# Work order
Copy exactly the stretch of data below from the line with "have Dw : dfa_accepts D w by rewrite DA." through the line with "by exists (foldl", including both of those lines.
──────── The records
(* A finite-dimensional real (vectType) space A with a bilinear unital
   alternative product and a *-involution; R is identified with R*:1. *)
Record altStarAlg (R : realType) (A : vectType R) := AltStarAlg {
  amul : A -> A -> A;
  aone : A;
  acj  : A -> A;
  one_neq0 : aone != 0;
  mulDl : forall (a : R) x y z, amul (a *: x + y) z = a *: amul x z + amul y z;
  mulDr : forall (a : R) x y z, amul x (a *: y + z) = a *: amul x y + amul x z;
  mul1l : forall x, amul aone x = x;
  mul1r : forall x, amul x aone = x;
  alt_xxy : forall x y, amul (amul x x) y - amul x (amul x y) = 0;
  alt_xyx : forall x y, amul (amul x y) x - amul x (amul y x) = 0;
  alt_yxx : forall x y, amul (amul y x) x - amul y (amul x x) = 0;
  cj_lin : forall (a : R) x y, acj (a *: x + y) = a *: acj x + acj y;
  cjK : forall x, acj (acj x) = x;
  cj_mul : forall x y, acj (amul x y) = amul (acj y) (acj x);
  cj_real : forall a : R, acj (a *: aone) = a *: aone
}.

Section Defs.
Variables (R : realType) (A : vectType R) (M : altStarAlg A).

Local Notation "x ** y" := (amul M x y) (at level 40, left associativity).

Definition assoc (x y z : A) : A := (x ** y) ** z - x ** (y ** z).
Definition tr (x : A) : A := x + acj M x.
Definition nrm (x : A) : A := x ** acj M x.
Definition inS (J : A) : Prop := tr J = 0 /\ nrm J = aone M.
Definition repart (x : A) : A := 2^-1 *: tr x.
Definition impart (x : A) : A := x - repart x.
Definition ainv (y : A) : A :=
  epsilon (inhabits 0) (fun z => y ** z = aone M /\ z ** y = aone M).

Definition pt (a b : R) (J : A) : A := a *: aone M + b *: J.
────────────────
──────── The records
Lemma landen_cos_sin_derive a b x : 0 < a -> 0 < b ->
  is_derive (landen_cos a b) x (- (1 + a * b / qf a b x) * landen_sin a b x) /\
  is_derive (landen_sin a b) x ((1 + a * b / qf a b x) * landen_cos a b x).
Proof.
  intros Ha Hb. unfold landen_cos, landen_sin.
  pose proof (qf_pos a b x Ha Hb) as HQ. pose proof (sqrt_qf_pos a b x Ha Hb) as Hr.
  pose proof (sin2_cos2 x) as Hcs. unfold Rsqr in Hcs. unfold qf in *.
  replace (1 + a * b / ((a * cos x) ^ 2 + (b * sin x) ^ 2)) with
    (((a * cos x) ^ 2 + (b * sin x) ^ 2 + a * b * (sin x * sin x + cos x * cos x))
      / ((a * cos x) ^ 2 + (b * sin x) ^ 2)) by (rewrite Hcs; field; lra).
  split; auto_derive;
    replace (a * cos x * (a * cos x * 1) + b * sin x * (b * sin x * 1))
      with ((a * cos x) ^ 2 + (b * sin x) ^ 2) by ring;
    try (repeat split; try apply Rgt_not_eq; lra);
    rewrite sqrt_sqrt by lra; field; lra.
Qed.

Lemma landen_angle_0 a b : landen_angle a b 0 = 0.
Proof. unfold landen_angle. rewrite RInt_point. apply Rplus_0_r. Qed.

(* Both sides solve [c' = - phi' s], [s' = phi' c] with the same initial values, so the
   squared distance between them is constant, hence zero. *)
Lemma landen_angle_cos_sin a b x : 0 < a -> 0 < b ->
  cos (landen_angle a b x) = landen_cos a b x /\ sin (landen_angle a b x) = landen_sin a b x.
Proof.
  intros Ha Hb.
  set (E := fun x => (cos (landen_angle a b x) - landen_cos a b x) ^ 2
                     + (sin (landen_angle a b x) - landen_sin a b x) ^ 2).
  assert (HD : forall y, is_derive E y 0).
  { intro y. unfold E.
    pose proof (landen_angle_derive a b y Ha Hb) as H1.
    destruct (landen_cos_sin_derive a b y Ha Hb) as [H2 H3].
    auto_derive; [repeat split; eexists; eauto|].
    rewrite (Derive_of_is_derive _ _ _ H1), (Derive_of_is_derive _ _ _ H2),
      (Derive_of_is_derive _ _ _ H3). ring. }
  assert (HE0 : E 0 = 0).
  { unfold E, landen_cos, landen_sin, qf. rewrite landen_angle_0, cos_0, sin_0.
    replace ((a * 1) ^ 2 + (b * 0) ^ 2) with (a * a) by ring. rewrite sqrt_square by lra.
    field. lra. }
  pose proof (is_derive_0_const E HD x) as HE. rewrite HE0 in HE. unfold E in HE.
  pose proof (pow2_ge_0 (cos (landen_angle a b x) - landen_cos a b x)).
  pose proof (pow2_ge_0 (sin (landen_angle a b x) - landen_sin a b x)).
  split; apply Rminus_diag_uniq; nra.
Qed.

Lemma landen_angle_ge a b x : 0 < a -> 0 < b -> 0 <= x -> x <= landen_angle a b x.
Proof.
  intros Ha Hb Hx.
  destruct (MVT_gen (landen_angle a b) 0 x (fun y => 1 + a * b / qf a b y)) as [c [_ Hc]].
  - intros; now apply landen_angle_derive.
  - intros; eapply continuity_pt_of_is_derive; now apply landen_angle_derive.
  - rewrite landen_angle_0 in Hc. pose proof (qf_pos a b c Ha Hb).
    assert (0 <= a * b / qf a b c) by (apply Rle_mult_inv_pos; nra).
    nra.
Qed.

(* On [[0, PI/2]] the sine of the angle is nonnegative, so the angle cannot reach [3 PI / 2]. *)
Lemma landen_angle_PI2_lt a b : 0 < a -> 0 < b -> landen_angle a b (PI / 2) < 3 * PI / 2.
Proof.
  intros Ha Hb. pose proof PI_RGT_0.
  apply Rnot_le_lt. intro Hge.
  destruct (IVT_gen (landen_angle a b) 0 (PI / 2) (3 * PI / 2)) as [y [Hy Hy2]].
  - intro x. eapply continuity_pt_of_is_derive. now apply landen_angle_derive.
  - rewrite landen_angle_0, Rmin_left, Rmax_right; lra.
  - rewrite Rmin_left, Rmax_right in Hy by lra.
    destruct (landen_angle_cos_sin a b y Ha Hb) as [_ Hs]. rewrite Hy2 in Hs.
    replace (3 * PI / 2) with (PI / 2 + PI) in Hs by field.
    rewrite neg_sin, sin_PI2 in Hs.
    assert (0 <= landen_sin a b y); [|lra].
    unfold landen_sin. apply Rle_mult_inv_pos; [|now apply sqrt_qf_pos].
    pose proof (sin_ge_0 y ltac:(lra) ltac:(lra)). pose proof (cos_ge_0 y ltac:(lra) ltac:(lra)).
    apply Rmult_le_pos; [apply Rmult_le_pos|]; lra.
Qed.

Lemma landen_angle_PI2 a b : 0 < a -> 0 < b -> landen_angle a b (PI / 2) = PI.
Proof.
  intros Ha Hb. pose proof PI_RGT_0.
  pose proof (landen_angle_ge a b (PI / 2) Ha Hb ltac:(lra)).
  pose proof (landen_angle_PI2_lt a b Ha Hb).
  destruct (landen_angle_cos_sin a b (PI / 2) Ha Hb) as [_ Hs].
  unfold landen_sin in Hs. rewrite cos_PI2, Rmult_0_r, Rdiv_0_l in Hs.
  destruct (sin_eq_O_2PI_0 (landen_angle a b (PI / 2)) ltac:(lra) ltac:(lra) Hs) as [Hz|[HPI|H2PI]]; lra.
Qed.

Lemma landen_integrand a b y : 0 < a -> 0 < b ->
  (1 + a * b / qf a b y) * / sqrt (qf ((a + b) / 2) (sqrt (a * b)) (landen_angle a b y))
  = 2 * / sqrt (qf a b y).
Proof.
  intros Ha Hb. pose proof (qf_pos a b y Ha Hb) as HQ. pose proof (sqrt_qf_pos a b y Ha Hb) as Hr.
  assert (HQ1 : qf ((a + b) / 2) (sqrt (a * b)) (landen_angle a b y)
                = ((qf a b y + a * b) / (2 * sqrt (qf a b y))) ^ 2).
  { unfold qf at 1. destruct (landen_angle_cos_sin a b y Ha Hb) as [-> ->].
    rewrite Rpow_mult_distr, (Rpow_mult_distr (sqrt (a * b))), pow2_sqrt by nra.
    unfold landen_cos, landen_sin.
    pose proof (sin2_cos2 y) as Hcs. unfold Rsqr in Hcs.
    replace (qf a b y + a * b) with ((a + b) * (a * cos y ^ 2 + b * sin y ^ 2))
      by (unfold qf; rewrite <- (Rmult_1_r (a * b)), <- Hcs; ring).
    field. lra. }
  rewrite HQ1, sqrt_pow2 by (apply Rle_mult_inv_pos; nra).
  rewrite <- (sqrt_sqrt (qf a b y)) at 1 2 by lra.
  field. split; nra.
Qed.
────────────────
──────── The records
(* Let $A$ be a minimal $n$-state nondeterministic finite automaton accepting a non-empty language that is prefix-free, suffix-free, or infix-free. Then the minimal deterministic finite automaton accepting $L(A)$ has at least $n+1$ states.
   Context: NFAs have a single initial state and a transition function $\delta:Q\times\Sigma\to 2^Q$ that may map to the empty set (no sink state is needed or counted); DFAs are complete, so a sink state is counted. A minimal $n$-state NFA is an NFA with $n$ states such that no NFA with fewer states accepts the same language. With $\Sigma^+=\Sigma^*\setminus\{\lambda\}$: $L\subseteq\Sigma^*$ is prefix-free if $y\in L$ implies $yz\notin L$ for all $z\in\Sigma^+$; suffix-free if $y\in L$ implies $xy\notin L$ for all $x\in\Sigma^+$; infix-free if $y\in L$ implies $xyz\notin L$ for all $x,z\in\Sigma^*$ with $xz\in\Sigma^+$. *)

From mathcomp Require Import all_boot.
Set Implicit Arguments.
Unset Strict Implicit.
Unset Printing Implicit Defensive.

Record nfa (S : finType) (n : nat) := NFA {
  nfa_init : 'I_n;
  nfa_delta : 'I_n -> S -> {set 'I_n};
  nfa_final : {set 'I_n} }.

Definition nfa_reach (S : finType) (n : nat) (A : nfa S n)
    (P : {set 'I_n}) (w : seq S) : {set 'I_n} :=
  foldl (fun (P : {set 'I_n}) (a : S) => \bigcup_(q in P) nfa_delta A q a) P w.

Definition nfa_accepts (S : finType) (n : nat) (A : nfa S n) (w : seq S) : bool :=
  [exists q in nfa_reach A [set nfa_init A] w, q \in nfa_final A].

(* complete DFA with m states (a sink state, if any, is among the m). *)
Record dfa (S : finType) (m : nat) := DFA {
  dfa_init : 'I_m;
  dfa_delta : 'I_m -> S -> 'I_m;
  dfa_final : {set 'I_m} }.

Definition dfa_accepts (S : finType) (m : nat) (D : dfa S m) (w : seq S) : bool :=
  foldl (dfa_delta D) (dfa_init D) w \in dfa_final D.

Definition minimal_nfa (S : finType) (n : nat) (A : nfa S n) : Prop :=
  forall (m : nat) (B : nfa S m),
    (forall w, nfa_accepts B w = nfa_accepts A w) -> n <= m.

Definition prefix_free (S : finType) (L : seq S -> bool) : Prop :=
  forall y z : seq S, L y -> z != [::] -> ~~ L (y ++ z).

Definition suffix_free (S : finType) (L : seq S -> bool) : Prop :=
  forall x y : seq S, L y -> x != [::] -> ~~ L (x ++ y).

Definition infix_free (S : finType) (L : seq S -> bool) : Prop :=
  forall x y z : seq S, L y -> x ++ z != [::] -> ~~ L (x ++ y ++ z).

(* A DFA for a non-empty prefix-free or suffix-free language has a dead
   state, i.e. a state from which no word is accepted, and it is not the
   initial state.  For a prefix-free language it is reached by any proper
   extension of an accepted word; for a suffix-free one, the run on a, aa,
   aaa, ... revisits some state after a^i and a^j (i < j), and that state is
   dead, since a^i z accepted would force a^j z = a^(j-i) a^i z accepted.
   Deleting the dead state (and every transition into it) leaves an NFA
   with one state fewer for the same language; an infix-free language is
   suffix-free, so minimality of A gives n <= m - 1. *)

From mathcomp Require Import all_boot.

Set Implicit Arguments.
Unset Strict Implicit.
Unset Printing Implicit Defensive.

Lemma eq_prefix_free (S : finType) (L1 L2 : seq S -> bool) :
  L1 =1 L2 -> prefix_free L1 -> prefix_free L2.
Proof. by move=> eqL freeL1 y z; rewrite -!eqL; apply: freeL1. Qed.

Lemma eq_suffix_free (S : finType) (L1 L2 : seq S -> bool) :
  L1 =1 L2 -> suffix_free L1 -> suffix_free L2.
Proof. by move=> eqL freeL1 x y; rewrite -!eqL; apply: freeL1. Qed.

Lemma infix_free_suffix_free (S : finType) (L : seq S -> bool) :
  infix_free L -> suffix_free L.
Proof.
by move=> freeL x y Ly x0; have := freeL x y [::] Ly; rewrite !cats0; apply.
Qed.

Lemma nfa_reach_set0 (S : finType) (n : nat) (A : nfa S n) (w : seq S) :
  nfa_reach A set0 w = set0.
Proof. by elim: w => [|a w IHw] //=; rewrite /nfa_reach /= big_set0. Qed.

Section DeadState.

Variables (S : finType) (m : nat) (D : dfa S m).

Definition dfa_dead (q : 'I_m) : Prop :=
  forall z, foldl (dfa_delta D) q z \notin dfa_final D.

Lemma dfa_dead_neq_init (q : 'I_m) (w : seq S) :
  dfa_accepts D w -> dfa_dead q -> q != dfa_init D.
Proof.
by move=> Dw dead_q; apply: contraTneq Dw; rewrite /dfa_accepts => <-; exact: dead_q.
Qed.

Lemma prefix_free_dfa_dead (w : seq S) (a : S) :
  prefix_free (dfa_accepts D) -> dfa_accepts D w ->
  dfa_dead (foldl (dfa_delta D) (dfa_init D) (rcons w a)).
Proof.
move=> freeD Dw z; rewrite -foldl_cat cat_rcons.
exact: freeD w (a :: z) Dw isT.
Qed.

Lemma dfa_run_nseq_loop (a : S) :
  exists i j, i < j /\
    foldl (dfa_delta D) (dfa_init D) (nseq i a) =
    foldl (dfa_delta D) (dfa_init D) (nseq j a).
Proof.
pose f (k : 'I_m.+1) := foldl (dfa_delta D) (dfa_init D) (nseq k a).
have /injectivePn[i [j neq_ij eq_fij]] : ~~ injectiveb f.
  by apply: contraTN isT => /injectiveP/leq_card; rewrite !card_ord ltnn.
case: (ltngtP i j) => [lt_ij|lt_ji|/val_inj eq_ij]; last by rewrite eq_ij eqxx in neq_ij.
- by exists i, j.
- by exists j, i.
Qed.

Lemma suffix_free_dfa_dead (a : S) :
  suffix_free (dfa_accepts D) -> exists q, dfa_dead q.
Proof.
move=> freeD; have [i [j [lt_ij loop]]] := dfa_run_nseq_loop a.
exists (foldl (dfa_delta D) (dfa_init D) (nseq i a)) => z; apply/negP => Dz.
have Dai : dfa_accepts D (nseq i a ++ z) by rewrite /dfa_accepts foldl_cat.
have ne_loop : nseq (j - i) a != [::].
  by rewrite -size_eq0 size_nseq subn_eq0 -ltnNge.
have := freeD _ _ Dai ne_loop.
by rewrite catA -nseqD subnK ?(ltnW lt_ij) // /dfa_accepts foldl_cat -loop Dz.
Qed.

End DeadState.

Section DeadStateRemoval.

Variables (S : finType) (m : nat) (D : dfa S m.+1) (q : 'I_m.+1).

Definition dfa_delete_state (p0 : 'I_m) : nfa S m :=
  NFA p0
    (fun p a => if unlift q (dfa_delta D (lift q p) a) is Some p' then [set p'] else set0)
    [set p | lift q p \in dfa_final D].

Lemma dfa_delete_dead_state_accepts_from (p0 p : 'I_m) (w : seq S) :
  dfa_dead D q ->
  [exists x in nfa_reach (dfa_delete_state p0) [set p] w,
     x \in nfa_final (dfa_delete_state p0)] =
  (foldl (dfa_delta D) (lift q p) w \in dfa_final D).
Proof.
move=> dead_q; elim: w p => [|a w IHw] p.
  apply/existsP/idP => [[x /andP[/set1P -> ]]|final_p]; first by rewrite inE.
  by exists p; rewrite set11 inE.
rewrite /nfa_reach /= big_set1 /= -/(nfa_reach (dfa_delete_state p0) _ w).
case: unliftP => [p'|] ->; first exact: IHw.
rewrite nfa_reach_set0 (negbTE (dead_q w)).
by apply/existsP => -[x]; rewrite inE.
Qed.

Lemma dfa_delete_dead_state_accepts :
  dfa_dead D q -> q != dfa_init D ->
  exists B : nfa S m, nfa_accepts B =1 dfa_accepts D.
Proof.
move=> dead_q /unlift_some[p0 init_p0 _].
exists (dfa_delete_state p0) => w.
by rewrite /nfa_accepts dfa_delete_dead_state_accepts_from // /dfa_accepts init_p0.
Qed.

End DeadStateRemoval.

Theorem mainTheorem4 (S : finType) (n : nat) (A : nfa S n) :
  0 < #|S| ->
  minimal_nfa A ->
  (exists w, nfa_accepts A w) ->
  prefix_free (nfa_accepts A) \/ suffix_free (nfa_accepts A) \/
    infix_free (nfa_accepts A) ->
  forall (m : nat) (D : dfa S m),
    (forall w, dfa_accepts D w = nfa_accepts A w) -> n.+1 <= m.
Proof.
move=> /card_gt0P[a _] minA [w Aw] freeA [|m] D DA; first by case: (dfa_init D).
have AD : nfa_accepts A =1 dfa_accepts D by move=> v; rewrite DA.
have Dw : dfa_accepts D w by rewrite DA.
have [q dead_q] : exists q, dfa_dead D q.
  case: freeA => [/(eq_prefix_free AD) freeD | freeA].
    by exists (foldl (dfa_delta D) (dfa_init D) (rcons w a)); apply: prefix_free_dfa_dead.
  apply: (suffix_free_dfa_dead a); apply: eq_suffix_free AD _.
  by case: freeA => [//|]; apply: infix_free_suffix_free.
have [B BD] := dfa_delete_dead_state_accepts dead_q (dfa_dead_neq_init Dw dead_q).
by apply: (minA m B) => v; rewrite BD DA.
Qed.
────────────────
# Result of this exercise
have Dw : dfa_accepts D w by rewrite DA.
have [q dead_q] : exists q, dfa_dead D q.
  case: freeA => [/(eq_prefix_free AD) freeD | freeA].
    by exists (foldl (dfa_delta D) (dfa_init D) (rcons w a)); apply: prefix_free_dfa_dead.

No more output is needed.